## TASK TO CARRY OUT
Write out exactly the lines of the entries below from the one holding "by under eq_bigr" to the one holding "(hnd : nondegenerate_pairing pr)", inclusive, and leave out all other lines.

## RECORDS PROVIDED
= = = = =
(* Let $H,A$ be as in the context and $L\subseteq\ker\epsilon\subset H$ a subspace stable under the quantum double action $h\triangleright x=h_{(1)}xSh_{(2)}$, $a\triangleright x=\langle a,x_{(1)}\rangle x_{(2)}-\langle a,x\rangle1$. Define $[\ ,\ ]:L\otimes L\to L$ by $[x,y]=x_{(1)}\,y\,Sx_{(2)}$ and $\Psi:L\otimes L\to L\otimes L$ by \[\Psi(x\otimes y)=[x_{(1)},y]\otimes x_{(2)}-[x,y]\otimes 1\] (which equals $\sum_a e_a\triangleright y\otimes f^a\triangleright x$ for dual bases $\{e_a\}$ of $H$, $\{f^a\}$ of $A$, and so takes values in $L\otimes L$; here $[h,y]:=h_{(1)}ySh_{(2)}$ for $h\in H$). Then for all $x,y,z\in L$, \[[x,[y,z]]=[[x,y],z]+([\ ,[\ ,z]])\circ\Psi(x\otimes y),\qquad [x,y]=xy-\cdot\,\Psi(x\otimes y),\] where $[\ ,[\ ,z]](u\otimes v)=[u,[v,z]]$ and $\cdot$ is multiplication in $H$.
   Context: $H,A$ are Hopf algebras over $\mathbb{C}$ with invertible antipodes, non-degenerately paired by a Hopf pairing $\langle\ ,\ \rangle$; Sweedler notation. $\Psi$ is the quantum double braiding on $L\otimes L$. *)

(* Hopf algebras (possibly infinite-dimensional) over a field,
   with the coproduct given in Sweedler form as a finite list of pairs,
   tensors being compared through all bilinear (resp. trilinear) forms. *)
From mathcomp Require Import all_boot all_algebra.
From mathcomp Require Import reals complex.
Set Implicit Arguments. Unset Strict Implicit. Unset Printing Implicit Defensive.
Import GRing.Theory.
Local Open Scope ring_scope.

Section Tensors.
Variable K : fieldType.

Definition bilin_form (U V : lmodType K) (f : U -> V -> K) : Prop :=
  (forall (a : K) (u u' : U) (v : V), f (a *: u + u') v = a * f u v + f u' v) /\
  (forall (a : K) (u : U) (v v' : V), f u (a *: v + v') = a * f u v + f u v').

Definition trilin_form (U V W : lmodType K) (f : U -> V -> W -> K) : Prop :=
  (forall (a : K) (u u' : U) (v : V) (w : W),
      f (a *: u + u') v w = a * f u v w + f u' v w) /\
  (forall (a : K) (u : U) (v v' : V) (w : W),
      f u (a *: v + v') w = a * f u v w + f u v' w) /\
  (forall (a : K) (u : U) (v : V) (w w' : W),
      f u v (a *: w + w') = a * f u v w + f u v w').

(* A finite list t = [:: (u_1,v_1); ...] represents the tensor
   sum_i u_i (x) v_i of U (x) V.  Two lists represent the same tensor iff
   all bilinear forms agree on them (U (x) V embeds in Bil(U,V)^* ). *)
Definition teq2 (U V : lmodType K) (t t' : seq (U * V)) : Prop :=
  forall f : U -> V -> K, bilin_form f ->
    \sum_(p <- t) f p.1 p.2 = \sum_(p <- t') f p.1 p.2.

Definition teq3 (U V W : lmodType K) (t t' : seq (U * V * W)) : Prop :=
  forall f : U -> V -> W -> K, trilin_form f ->
    \sum_(p <- t) f p.1.1 p.1.2 p.2 = \sum_(p <- t') f p.1.1 p.1.2 p.2.

Definition is_hopf (H : algType K) (cop : H -> seq (H * H))
    (eps : H -> K) (S : H -> H) : Prop :=
  [/\ [/\
      (forall (a : K) (x y : H),
          teq2 (cop (a *: x + y))
               ([seq (a *: p.1, p.2) | p <- cop x] ++ cop y)),
      (forall x y : H,
          teq2 (cop (x * y))
               [seq (p.1 * q.1, p.2 * q.2) | p <- cop x, q <- cop y]) &
      teq2 (cop 1) [:: (1, 1)] ],
      (forall x : H,
          teq3 [seq (q.1, q.2, p.2) | p <- cop x, q <- cop p.1]
               [seq (p.1, q.1, q.2) | p <- cop x, q <- cop p.2]),
      [/\ forall (a : K) (x y : H), eps (a *: x + y) = a * eps x + eps y,
          eps 1 = 1,
          forall x y : H, eps (x * y) = eps x * eps y,
          forall x : H, \sum_(p <- cop x) eps p.1 *: p.2 = x &
          forall x : H, \sum_(p <- cop x) eps p.2 *: p.1 = x] &
      [/\ forall (a : K) (x y : H), S (a *: x + y) = a *: S x + S y,
          forall x : H, \sum_(p <- cop x) S p.1 * p.2 = eps x *: 1 &
          forall x : H, \sum_(p <- cop x) p.1 * S p.2 = eps x *: 1]].

Definition is_hopf_pairing (H A : algType K)
    (copH : H -> seq (H * H)) (epsH : H -> K) (SH : H -> H)
    (copA : A -> seq (A * A)) (epsA : A -> K) (SA : A -> A)
    (pr : A -> H -> K) : Prop :=
  [/\ bilin_form pr,
      [/\
      (forall (a b : A) (h : H),
          pr (a * b) h = \sum_(p <- copH h) pr a p.1 * pr b p.2) &
      (forall (a : A) (h g : H),
          pr a (h * g) = \sum_(p <- copA a) pr p.1 h * pr p.2 g)],
      (forall h : H, pr 1 h = epsH h),
      (forall a : A, pr a 1 = epsA a) &
      (forall (a : A) (h : H), pr (SA a) h = pr a (SH h))].

Definition nondegenerate_pairing (H A : lmodType K) (pr : A -> H -> K) : Prop :=
  (forall a : A, (forall h : H, pr a h = 0) -> a = 0) /\
  (forall h : H, (forall a : A, pr a h = 0) -> h = 0).

Definition is_subspace (V : lmodType K) (L : V -> Prop) : Prop :=
  L 0 /\ forall (a : K) (u v : V), L u -> L v -> L (a *: u + v).

Section Bracket.
Variables (H : algType K) (cop : H -> seq (H * H)) (S : H -> H).

Definition adbr (h y : H) : H := \sum_(p <- cop h) p.1 * y * S p.2.

Definition Psi (x y : H) : seq (H * H) :=
  [seq (adbr p.1 y, p.2) | p <- cop x] ++ [:: (- adbr x y, 1)].

End Bracket.
End Tensors.

From HB Require Import structures.
From mathcomp Require Import all_boot all_algebra.
From mathcomp Require Import reals complex.
Set Implicit Arguments. Unset Strict Implicit. Unset Printing Implicit Defensive.
Import GRing.Theory.
Local Open Scope ring_scope.

(* Both identities come from two properties of the adjoint action
   [h, y] = h_(1) y S h_(2): it is an action, [hg, y] = [h, [g, y]]
   (because S is anti-multiplicative), and [x_(1), y] x_(2) = x y.
   Indeed the Psi-term equals sum [[x_(1), y], [x_(2), z]] - [[x, y], z]
   = [[x_(1), y] x_(2), z] - [[x, y], z] = [x, [y, z]] - [[x, y], z], and
   sum [x_(1), y] x_(2) - [x, y] = x y - [x, y].
   Tensors are only specified through scalar bilinear forms, so identities
   between H-valued Sweedler sums are transported through the nondegenerate
   pairing. *)

Section Multilinear.
Variable K : fieldType.

Definition linmap (U : lmodType K) (V : zmodType) (s : GRing.Scale.law K V)
    (f : U -> V) (hf : linear_for s f) : {linear U -> V | s} :=
  HB.pack f (GRing.isLinear.Build K U V s f hf).

Lemma linear_sum_of (U V : lmodType K) (f : U -> V) (hf : linear f)
    I (r : seq I) (G : I -> U) :
  f (\sum_(i <- r) G i) = \sum_(i <- r) f (G i).
Proof. by have := raddf_sum (linmap hf) r xpredT G. Qed.

Lemma linearZ_of (U V : lmodType K) (f : U -> V) (hf : linear f) a u :
  f (a *: u) = a *: f u.
Proof. exact: linearZZ (linmap hf) a u. Qed.

Lemma linearN_of (U V : lmodType K) (f : U -> V) (hf : linear f) u :
  f (- u) = - f u.
Proof. exact: raddfN (linmap hf) u. Qed.

Definition bilinear_map (U V W : lmodType K) (F : U -> V -> W) : Prop :=
  (forall v, linear (F^~ v)) /\ (forall u, linear (F u)).

Definition trilinear_map (U V W X : lmodType K) (F : U -> V -> W -> X) : Prop :=
  [/\ forall v w, linear (fun u => F u v w),
      forall u w, linear (fun v => F u v w) &
      forall u v, linear (F u v)].

Section Separation.
Variables (A : Type) (W : lmodType K) (pr : A -> W -> K).
Hypothesis pr_scalar : forall a, scalar (pr a).
Hypothesis pr_sep : forall w, (forall a, pr a w = 0) -> w = 0.

Lemma eq_by_pairing u v : (forall a, pr a u = pr a v) -> u = v.
Proof.
move=> Euv; apply/eqP; rewrite -subr_eq0; apply/eqP; apply: pr_sep => a.
by have /= -> := raddfB (linmap (pr_scalar a)) u v; rewrite Euv subrr.
Qed.

Lemma pr_sum a I (r : seq I) (G : I -> W) :
  pr a (\sum_(i <- r) G i) = \sum_(i <- r) pr a (G i).
Proof. by have := raddf_sum (linmap (pr_scalar a)) r xpredT G. Qed.

Lemma teq2_sum (U V : lmodType K) (t t' : seq (U * V)) (F : U -> V -> W) :
  bilinear_map F -> teq2 t t' ->
  \sum_(p <- t) F p.1 p.2 = \sum_(p <- t') F p.1 p.2.
Proof.
move=> [F1 F2] Ett'; apply: eq_by_pairing => a; rewrite !pr_sum.
apply: (Ett' (fun u v => pr a (F u v))); split=> c u v w.
- by rewrite F1 pr_scalar.
- by rewrite F2 pr_scalar.
Qed.

Lemma teq3_sum (U V X : lmodType K) (t t' : seq (U * V * X))
    (F : U -> V -> X -> W) :
  trilinear_map F -> teq3 t t' ->
  \sum_(p <- t) F p.1.1 p.1.2 p.2 = \sum_(p <- t') F p.1.1 p.1.2 p.2.
Proof.
move=> [F1 F2 F3] Ett'; apply: eq_by_pairing => a; rewrite !pr_sum.
apply: (Ett' (fun u v w => pr a (F u v w))); split; [|split] => c u v w w'.
- by rewrite F1 pr_scalar.
- by rewrite F2 pr_scalar.
- by rewrite F3 pr_scalar.
Qed.

End Separation.
End Multilinear.

Section HopfAlgebra.
Variables (K : fieldType) (H : algType K) (cop : H -> seq (H * H))
  (eps : H -> K) (S : H -> H).
Hypothesis hH : is_hopf cop eps S.
Variables (A : Type) (pr : A -> H -> K).
Hypothesis pr_scalar : forall a, scalar (pr a).
Hypothesis pr_sep : forall h, (forall a, pr a h = 0) -> h = 0.

Lemma antipode_linear : linear S.
Proof. by case: hH => _ _ _ []. Qed.

Lemma counitM x y : eps (x * y) = eps x * eps y.
Proof. by case: hH => _ _ []. Qed.

Lemma counit1 : eps 1 = 1.
Proof. by case: hH => _ _ []. Qed.

Lemma sum_antipode_l x : \sum_(p <- cop x) S p.1 * p.2 = eps x *: 1.
Proof. by case: hH => _ _ _ []. Qed.

Lemma sum_antipode_r x : \sum_(p <- cop x) p.1 * S p.2 = eps x *: 1.
Proof. by case: hH => _ _ _ []. Qed.

Ltac multilinear :=
  repeat split; intros; do 2 (hnf; intros);
  do 4 rewrite ?(mulrDr, mulrDl) -?scalerAl -?scalerAr ?antipode_linear.

Lemma sum_counit_l (f : H -> H) x : linear f ->
  \sum_(p <- cop x) eps p.1 *: f p.2 = f x.
Proof.
case: hH => _ _ [_ _ _ e1 _] _ hf.
by rewrite -{2}(e1 x) (linear_sum_of hf); apply: eq_bigr => p _; rewrite linearZ_of.
Qed.

Lemma sum_counit_r (f : H -> H) x : linear f ->
  \sum_(p <- cop x) eps p.2 *: f p.1 = f x.
Proof.
case: hH => _ _ [_ _ _ _ e2] _ hf.
by rewrite -{2}(e2 x) (linear_sum_of hf); apply: eq_bigr => p _; rewrite linearZ_of.
Qed.

Lemma sum_cop_linear (B : H -> H -> H) : bilinear_map B ->
  linear (fun u => \sum_(p <- cop u) B p.1 p.2).
Proof.
case: hH => [[cop_lin _ _] _ _ _] [B1 B2] c u v.
rewrite (teq2_sum pr_scalar pr_sep (conj B1 B2) (cop_lin c u v)).
rewrite big_cat big_map scaler_sumr; congr (_ + _).
by apply: eq_bigr => p _; rewrite (linearZ_of (B1 p.2)).
Qed.

Lemma sum_copM (B : H -> H -> H) x y : bilinear_map B ->
  \sum_(r <- cop (x * y)) B r.1 r.2 =
  \sum_(p <- cop x) \sum_(q <- cop y) B (p.1 * q.1) (p.2 * q.2).
Proof.
case: hH => [[_ copM _] _ _ _] hB.
by rewrite (teq2_sum pr_scalar pr_sep hB (copM x y)) big_allpairs_dep.
Qed.

Lemma sum_cop1 (B : H -> H -> H) : bilinear_map B ->
  \sum_(r <- cop 1) B r.1 r.2 = B 1 1.
Proof.
case: hH => [[_ _ cop1] _ _ _] hB.
by rewrite (teq2_sum pr_scalar pr_sep hB cop1) big_seq1.
Qed.

Lemma sum_coassoc (F : H -> H -> H -> H) x : trilinear_map F ->
  \sum_(p <- cop x) \sum_(q <- cop p.1) F q.1 q.2 p.2 =
  \sum_(p <- cop x) \sum_(q <- cop p.2) F p.1 q.1 q.2.
Proof.
case: hH => _ coassoc _ _ hF.
by have := teq3_sum pr_scalar pr_sep hF (coassoc x); rewrite !big_allpairs_dep.
Qed.

Lemma sum_cop_antipode_r (B : H -> H -> H) x : bilinear_map B ->
  \sum_(p <- cop x) \sum_(q <- cop p.2) B p.1 (q.1 * S q.2) = B x 1.
Proof.
case=> B1 B2; rewrite -(sum_counit_r x (B1 1)); apply: eq_bigr => p _.
by rewrite -(linear_sum_of (B2 p.1)) sum_antipode_r (linearZ_of (B2 p.1)).
Qed.

Lemma sum_cop_antipode_l (B : H -> H -> H) x : bilinear_map B ->
  \sum_(p <- cop x) \sum_(q <- cop p.2) B p.1 (S q.1 * q.2) = B x 1.
Proof.
case=> B1 B2; rewrite -(sum_counit_r x (B1 1)); apply: eq_bigr => p _.
by rewrite -(linear_sum_of (B2 p.1)) sum_antipode_l (linearZ_of (B2 p.1)).
Qed.

Lemma antipodeM_expand h g :
  S (h * g) = \sum_(p <- cop h) \sum_(q <- cop p.1) S (q.1 * g) * q.2 * S p.2.
Proof.
rewrite (sum_coassoc (F := fun a b c => S (a * g) * b * S c)); last by multilinear.
have := sum_cop_antipode_r (B := fun a c => S (a * g) * c) h; rewrite mulr1 => <-.
  by apply: eq_bigr => p _; apply: eq_bigr => q _; rewrite mulrA.
by multilinear.
Qed.

Lemma sum_antipode_insert u v w g :
  \sum_(p <- cop g) \sum_(q <- cop p.1) S (u * q.1) * (v * q.2) * (S p.2 * w)
  = S (u * g) * v * w.
Proof.
rewrite (sum_coassoc (F := fun a b c => S (u * a) * (v * b) * (S c * w)));
  last by multilinear.
have := sum_cop_antipode_r (B := fun a c => S (u * a) * v * c * w) g.
rewrite mulr1 => <-; last by multilinear.
by apply: eq_bigr => p _; apply: eq_bigr => q _; rewrite !mulrA.
Qed.

Lemma antipodeM h g : S (h * g) = S g * S h.
Proof.
have B_lin c : bilinear_map (fun a b => S a * b * c) by multilinear.
rewrite antipodeM_expand.
transitivity (\sum_(p <- cop h) \sum_(q <- cop g)
                \sum_(r <- cop (p.1 * q.1)) S r.1 * r.2 * (S q.2 * S p.2)).
  apply: eq_bigr => p _.
  under eq_bigr => p' _ do rewrite -sum_antipode_insert.
  by rewrite exchange_big; apply: eq_bigr => q _; rewrite (sum_copM _ _ (B_lin _)).
transitivity (\sum_(p <- cop h) eps p.1 *: \sum_(q <- cop g) eps q.1 *: (S q.2 * S p.2)).
  apply: eq_bigr => p _; rewrite scaler_sumr; apply: eq_bigr => q _.
  by rewrite -mulr_suml sum_antipode_l counitM -scalerAl mul1r scalerA.
have mulSr_lin c : linear (fun a => S a * c) by multilinear.
under eq_bigr => p _ do rewrite (sum_counit_l g (mulSr_lin (S p.2))).
by rewrite (sum_counit_l (f := fun a => S g * S a)) //; multilinear.
Qed.

Lemma antipode1 : S 1 = 1.
Proof.
have := sum_antipode_l 1; rewrite (sum_cop1 (B := fun a b => S a * b)).
  by rewrite counit1 scale1r mulr1.
by multilinear.
Qed.

Local Notation ad := (adbr cop S).

Lemma adbr_linear z : linear (ad^~ z).
Proof. by apply: (sum_cop_linear (B := fun a b => a * z * S b)); multilinear. Qed.

Lemma adbrM u v z : ad (u * v) z = ad u (ad v z).
Proof.
rewrite /adbr (sum_copM (B := fun a b => a * z * S b)); last by multilinear.
apply: eq_bigr => p _; rewrite mulr_sumr mulr_suml; apply: eq_bigr => q _.
by rewrite antipodeM !mulrA.
Qed.

Lemma adbr1 z : ad 1 z = z.
Proof.
rewrite /adbr (sum_cop1 (B := fun a b => a * z * S b)); last by multilinear.
by rewrite antipode1 mul1r mulr1.
Qed.

Lemma sum_adbr_mul x y : \sum_(p <- cop x) ad p.1 y * p.2 = x * y.
Proof.
under eq_bigr => p _ do rewrite /adbr mulr_suml.
rewrite (sum_coassoc (F := fun a b c => a * y * S b * c)); last by multilinear.
have := sum_cop_antipode_l (B := fun a c => a * y * c) x.
rewrite mulr1 => <-; last by multilinear.
by apply: eq_bigr => p _; apply: eq_bigr => q _; rewrite !mulrA.
Qed.

Lemma adbr_sum I (r : seq I) (G : I -> H) z :
  ad (\sum_(i <- r) G i) z = \sum_(i <- r) ad (G i) z.
Proof. by have := linear_sum_of (adbr_linear z) r G. Qed.

Lemma adbr_Psi x y z :
  ad x (ad y z) = ad (ad x y) z + \sum_(p <- Psi cop S x y) ad p.1 (ad p.2 z).
Proof.
rewrite /Psi big_cat big_map big_seq1 /= adbr1 (linearN_of (adbr_linear z)).
rewrite addrCA subrr addr0.
by under eq_bigr => p _ do rewrite -adbrM; rewrite -adbr_sum sum_adbr_mul adbrM.
Qed.

Lemma adbr_Psi_mul x y : ad x y = x * y - \sum_(p <- Psi cop S x y) p.1 * p.2.
Proof.
rewrite /Psi big_cat big_map big_seq1 /= sum_adbr_mul mulr1.
by rewrite opprD opprK addrA subrr add0r.
Qed.

End HopfAlgebra.

Theorem proposition2p4 (R : realType) (H A : algType R[i])
    (copH : H -> seq (H * H)) (epsH : H -> R[i]) (SH : H -> H)
    (copA : A -> seq (A * A)) (epsA : A -> R[i]) (SA : A -> A)
    (pr : A -> H -> R[i])
    (hH : is_hopf copH epsH SH) (hSH : bijective SH)
    (hA : is_hopf copA epsA SA) (hSA : bijective SA)
    (hpr : is_hopf_pairing copH epsH SH copA epsA SA pr)
    (hnd : nondegenerate_pairing pr)
    (L : H -> Prop) (hL : is_subspace L)
    (hLeps : forall x, L x -> epsH x = 0)
    (hLH : forall h x, L x -> L (adbr copH SH h x))
    (hLA : forall a x, L x ->
             L (\sum_(p <- copH x) pr a p.1 *: p.2 - pr a x *: 1)) :
  forall x y z : H, L x -> L y -> L z ->
    adbr copH SH x (adbr copH SH y z)
      = adbr copH SH (adbr copH SH x y) z
        + \sum_(p <- Psi copH SH x y) adbr copH SH p.1 (adbr copH SH p.2 z)
    /\ adbr copH SH x y = x * y - \sum_(p <- Psi copH SH x y) p.1 * p.2.
Proof.
(* The identities hold on all of H; the conditions on L only guarantee that
   Psi maps L (x) L into L (x) L. *)
move=> x y z _ _ _.
have [[_ pr_linear_r] _ _ _ _] := hpr.
have pr_scalar a : scalar (pr a) := fun c => pr_linear_r c a.
have [_ pr_sep] := hnd.
split; first exact: (adbr_Psi hH pr_scalar pr_sep x y z).
exact: (adbr_Psi_mul hH pr_scalar pr_sep x y).
Qed.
= = = = =
## TASK ANSWER
by under eq_bigr => p _ do rewrite -adbrM; rewrite -adbr_sum sum_adbr_mul adbrM.
Qed.

Lemma adbr_Psi_mul x y : ad x y = x * y - \sum_(p <- Psi cop S x y) p.1 * p.2.
Proof.
rewrite /Psi big_cat big_map big_seq1 /= sum_adbr_mul mulr1.
by rewrite opprD opprK addrA subrr add0r.
Qed.

End HopfAlgebra.

Theorem proposition2p4 (R : realType) (H A : algType R[i])
    (copH : H -> seq (H * H)) (epsH : H -> R[i]) (SH : H -> H)
    (copA : A -> seq (A * A)) (epsA : A -> R[i]) (SA : A -> A)
    (pr : A -> H -> R[i])
    (hH : is_hopf copH epsH SH) (hSH : bijective SH)
    (hA : is_hopf copA epsA SA) (hSA : bijective SA)
    (hpr : is_hopf_pairing copH epsH SH copA epsA SA pr)
    (hnd : nondegenerate_pairing pr)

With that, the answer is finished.